The reactor, which had been suspended for regular inspections, was supposed to resume operation in April, AFP reports.
It had been delayed in the wake of the nuclear crisis at the Fukushima Daiichi nuclear power station, which has leaked radiation since it was crippled by the March 11 earthquake and tsunami.
Almost three quarters of Japan's 54 reactors are now offline, mostly for regular safety checks, and many host communities have been reluctant to approve their restarts as anti-nuclear sentiment has grown in the quake-prone nation.
Prime Minister Naoto Kan has said he would like to phase out nuclear power in the long term, but for now the Ministry of Economy, Trade and Industry (METI) wants to resume reactor operations amid a summer electricity crunch.
Atomic plants met about one third of Japan's energy needs before the quake disaster, and business groups have warned that power shortages spell a serious threat to industry in the world's third-biggest economy.

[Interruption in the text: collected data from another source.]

(* Let $A$ be a normed algebra, let $S\subseteq A$ be zp-dense in $A$, and let $c\in A$ factorize through zero products in $S$. If $X$ is a normed space and $V:A\times A\to X$ is a bounded bilinear map having the product property at $c$, then $V$ has the product property at zero, i.e. $V(x,y)=0$ whenever $x,y\in A$ satisfy $xy=0$.
   Context: A subset $S$ of a normed algebra $A$ is zp-dense if (1) the norm closure of $\operatorname{span}(S)$ is $A$; (2) for every $u\in S$ there is $v\in S$ with $uv=0$; (3) any $x,y\in A$ with $xy=0$ can be written as norm-convergent series $x=\sum_n\alpha_nu_n$, $y=\sum_n\beta_nv_n$ with scalars $\alpha_n,\beta_n$, $u_i,v_j\in S$ and $u_iv_j=0$ for all $i,j$. For $x,y\in A$ with $xy=0$, $c$ factorizes through $(x,y)$ if there are $a,b\in A$ with $ay=0$, $xb=0$, $ab=c$; $c$ factorizes through zero products in $S$ if it factorizes through every $(x,y)$ with $x,y\in S$, $xy=0$. A bilinear $V:A\times A\to X$ has the product property at $c$ if there is a linear $\varphi:A\to X$ with $V(a,b)=\varphi(ab)$ for all $a,b\in A$ with $ab=c$. *)

From HB Require Import structures.
From mathcomp Require Import all_boot all_order all_algebra.
From mathcomp Require Import all_classical all_reals all_analysis.
Set Implicit Arguments. Unset Strict Implicit. Unset Printing Implicit Defensive.
Import Order.TTheory GRing.Theory Num.Theory.
Import numFieldNormedType.Exports.
Local Open Scope classical_set_scope.
Local Open Scope ring_scope.

Definition normed_algebra_mul (K : numFieldType) (A : normedModType K)
  (mul : A -> A -> A) : Prop :=
  [/\ (forall a b c, mul a (mul b c) = mul (mul a b) c),
      (forall (k : K) a b c, mul (k *: a + b) c = k *: mul a c + mul b c),
      (forall (k : K) a b c, mul a (k *: b + c) = k *: mul a b + mul a c)
    & (forall a b, `|mul a b| <= `|a| * `|b|)].

Definition lin_span (K : numFieldType) (A : normedModType K) (S : set A) : set A :=
  [set x | exists n (a : 'I_n -> K) (u : 'I_n -> A),
      (forall i, S (u i)) /\ x = \sum_(i < n) a i *: u i].

Definition series_to (K : numFieldType) (A : normedModType K)
  (alpha : nat -> K) (u : nat -> A) (x : A) : Prop :=
  (fun N : nat => \sum_(0 <= n < N) alpha n *: u n) @ \oo --> x.

Definition zp_dense (K : numFieldType) (A : normedModType K)
  (mul : A -> A -> A) (S : set A) : Prop :=
  [/\ closure (lin_span S) = setT,
      (forall u, S u -> exists v, S v /\ mul u v = 0)
    & (forall x y, mul x y = 0 ->
        exists (alpha beta : nat -> K) (u v : nat -> A),
          [/\ (forall n, S (u n)), (forall n, S (v n)),
              (forall i j, mul (u i) (v j) = 0),
              series_to alpha u x & series_to beta v y])].

Definition factorizes_through (K : numFieldType) (A : normedModType K)
  (mul : A -> A -> A) (c x y : A) : Prop :=
  exists a b, [/\ mul a y = 0, mul x b = 0 & mul a b = c].

Definition factorizes_zp (K : numFieldType) (A : normedModType K)
  (mul : A -> A -> A) (S : set A) (c : A) : Prop :=
  forall x y, S x -> S y -> mul x y = 0 -> factorizes_through mul c x y.

Definition bilinear_map (K : numFieldType) (A X : normedModType K)
  (V : A -> A -> X) : Prop :=
  (forall (k : K) a b c, V (k *: a + b) c = k *: V a c + V b c) /\
  (forall (k : K) a b c, V a (k *: b + c) = k *: V a b + V a c).

Definition bounded_bilinear (K : numFieldType) (A X : normedModType K)
  (V : A -> A -> X) : Prop :=
  bilinear_map V /\ exists M : K, forall a b, `|V a b| <= M * `|a| * `|b|.

Definition product_property_at (K : numFieldType) (A X : normedModType K)
  (mul : A -> A -> A) (V : A -> A -> X) (c : A) : Prop :=
  exists phi : A -> X,
    (forall (k : K) a b, phi (k *: a + b) = k *: phi a + phi b) /\
    (forall a b, mul a b = c -> V a b = phi (mul a b)).

From HB Require Import structures.
From mathcomp Require Import all_boot all_order all_algebra.
From mathcomp Require Import all_classical all_reals all_analysis.
Import Order.TTheory GRing.Theory Num.Theory.
Import numFieldNormedType.Exports.
Local Open Scope classical_set_scope.
Local Open Scope ring_scope.
Set Implicit Arguments. Unset Strict Implicit.

(* If u, v in S have uv = 0, pick a, b with av = 0, ub = 0 and ab = c. Then
   (a+u)(b+v), (a+u)b, a(b+v) and ab all equal c, so by bilinearity
   V(u,v) = V(a+u,b+v) - V(a+u,b) - V(a,b+v) + V(a,b) vanishes, each term being
   the value of phi at c. A general pair x, y with xy = 0 is the sum of series
   over such u's and v's, and V(x,y) = 0 follows from continuity of V in each
   variable separately. *)

Section BoundedLinear.
Variables (K : numFieldType) (A X : normedModType K) (f : A -> X) (C : K).
Hypotheses (f_linear : linear f) (f_bounded : forall a, `|f a| <= C * `|a|).

Let fL : {linear A -> X} :=
  HB.pack f (GRing.isLinear.Build K A X *:%R f f_linear).

Lemma bounded_linear_fun_continuous : continuous f.
Proof.
apply: (@bounded_linear_continuous _ _ _ fL); apply/linear_boundedP.
have normC_bound a : `|f a| <= `|C| * `|a|.
  (* [K] need not be real, but the bound forces [C * `|a|] to be nonnegative. *)
  have Cnorm := le_trans (normr_ge0 _) (f_bounded a).
  by rewrite -[`|a|]normr_id -normrM ger0_norm.
near=> r => a; apply: le_trans (normC_bound a) _.
by rewrite ler_wpM2r //; near: r; apply: nbhs_pinfty_ge; rewrite normr_real.
Unshelve. all: by end_near. Qed.

Lemma linear_series_eq0 (alpha : nat -> K) (u : nat -> A) (x : A) :
  (forall n, f (u n) = 0) -> series_to alpha u x -> f x = 0.
Proof.
move=> fu0 ux.
have fux : (f \o fun N => \sum_(0 <= n < N) alpha n *: u n) @ \oo --> f x.
  by apply: continuous_cvg => //; apply: bounded_linear_fun_continuous.
suff partial0 : f \o (fun N => \sum_(0 <= n < N) alpha n *: u n) = cst 0.
  by move: fux; rewrite partial0 => /cvg_lim <-//; rewrite lim_cst.
apply/funext => N /=; rewrite -[f]/(fL : A -> X) linear_sum big1 // => n _.
by rewrite linearZ /= fu0 scaler0.
Qed.
End BoundedLinear.

Lemma bounded_bilinear_series_eq0 (K : numFieldType) (A X : normedModType K)
    (V : A -> A -> X) (alpha beta : nat -> K) (u v : nat -> A) (x y : A) :
  bounded_bilinear V -> (forall i j, V (u i) (v j) = 0) ->
  series_to alpha u x -> series_to beta v y -> V x y = 0.
Proof.
move=> [[VlinL VlinR] [M VM]] Vuv ux vy.
have Vxv j : V x (v j) = 0.
  apply: (linear_series_eq0 (f := V^~ (v j)) (C := M * `|v j|) _ _ (Vuv^~ j) ux).
  - by move=> k a b; apply: VlinL.
  - by move=> a; rewrite mulrAC.
exact: (linear_series_eq0 (VlinR^~ x) (VM x) Vxv vy).
Qed.

Lemma linear_morphD (R : pzRingType) (U W : lmodType R) (f : U -> W) :
  linear f -> {morph f : a b / a + b}.
Proof. by move=> fL a b; rewrite -[a in LHS]scale1r fL scale1r. Qed.

Lemma product_property_zero_through (K : numFieldType) (A X : normedModType K)
    (mul : A -> A -> A) (V : A -> A -> X) (c u v : A) :
  (forall b, {morph mul^~ b : a a' / a + a'}) ->
  (forall a, {morph mul a : b b' / b + b'}) ->
  (forall b, {morph V^~ b : a a' / a + a'}) ->
  (forall a, {morph V a : b b' / b + b'}) ->
  product_property_at mul V c -> factorizes_through mul c u v -> mul u v = 0 ->
  V u v = 0.
Proof.
move=> mulDl mulDr VDl VDr [phi [_ Vphi]] [a [b [av0 ub0 abc]]] uv0.
have Vc a' b' : mul a' b' = c -> V a' b' = phi c by move=> e; rewrite Vphi e.
have Vab := Vc _ _ abc.
have Vub : V u b = 0.
  by apply: (addrI (V a b)); rewrite -VDl Vc ?Vab ?addr0 // mulDl ub0 addr0.
have Vav : V a v = 0.
  by apply: (addrI (V a b)); rewrite -VDr Vc ?Vab ?addr0 // mulDr av0 addr0.
have Vauv : V (a + u) (b + v) = phi c.
  by apply: Vc; rewrite mulDl !mulDr av0 ub0 uv0 !addr0.
by move: Vauv; rewrite VDl !VDr Vab Vub Vav !addr0 add0r -[RHS]addr0 => /addrI.
Qed.

Theorem mainTheorem4 (K : numFieldType) (A : normedModType K)
  (mul : A -> A -> A) (S : set A) (c : A) (X : normedModType K)
  (V : A -> A -> X) :
  normed_algebra_mul mul ->
  zp_dense mul S ->
  factorizes_zp mul S c ->
  bounded_bilinear V ->
  product_property_at mul V c ->
  forall x y, mul x y = 0 -> V x y = 0.
Proof.
move=> [_ mulL mulR _] [_ _ zp_series] c_factorizes Vbounded Vc x y xy0.
have [[VL VR] _] := Vbounded.
have mulDl b := linear_morphD (fun k a a' => mulL k a a' b).
have mulDr a := linear_morphD (fun k b b' => mulR k a b b').
have VDl b := linear_morphD (fun k a a' => VL k a a' b).
have VDr a := linear_morphD (fun k b b' => VR k a b b').
have VS u v : S u -> S v -> mul u v = 0 -> V u v = 0.
  move=> Su Sv uv0; have c_uv := c_factorizes u v Su Sv uv0.
  exact: product_property_zero_through mulDl mulDr VDl VDr Vc c_uv uv0.
have [alpha [beta [u [v [Su Sv uv0 ux vy]]]]] := zp_series x y xy0.
apply: bounded_bilinear_series_eq0 Vbounded _ ux vy => i j.
exact: VS (Su i) (Sv j) (uv0 i j).
Qed.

Only 15 of Japan's 54 reactors are operating. Most of the rest are undergoing safety checks, as residents resist restarts as anti-nuclear sentiment has grown, the Vancouver Sun reports.
Prime Minister Naoto Kan has said he would like to eventually phase out nuclear power but for now the Ministry of Economy, Trade and Industry (METI) wants to resume reactor operations amid a summer-time power shortage, it reports.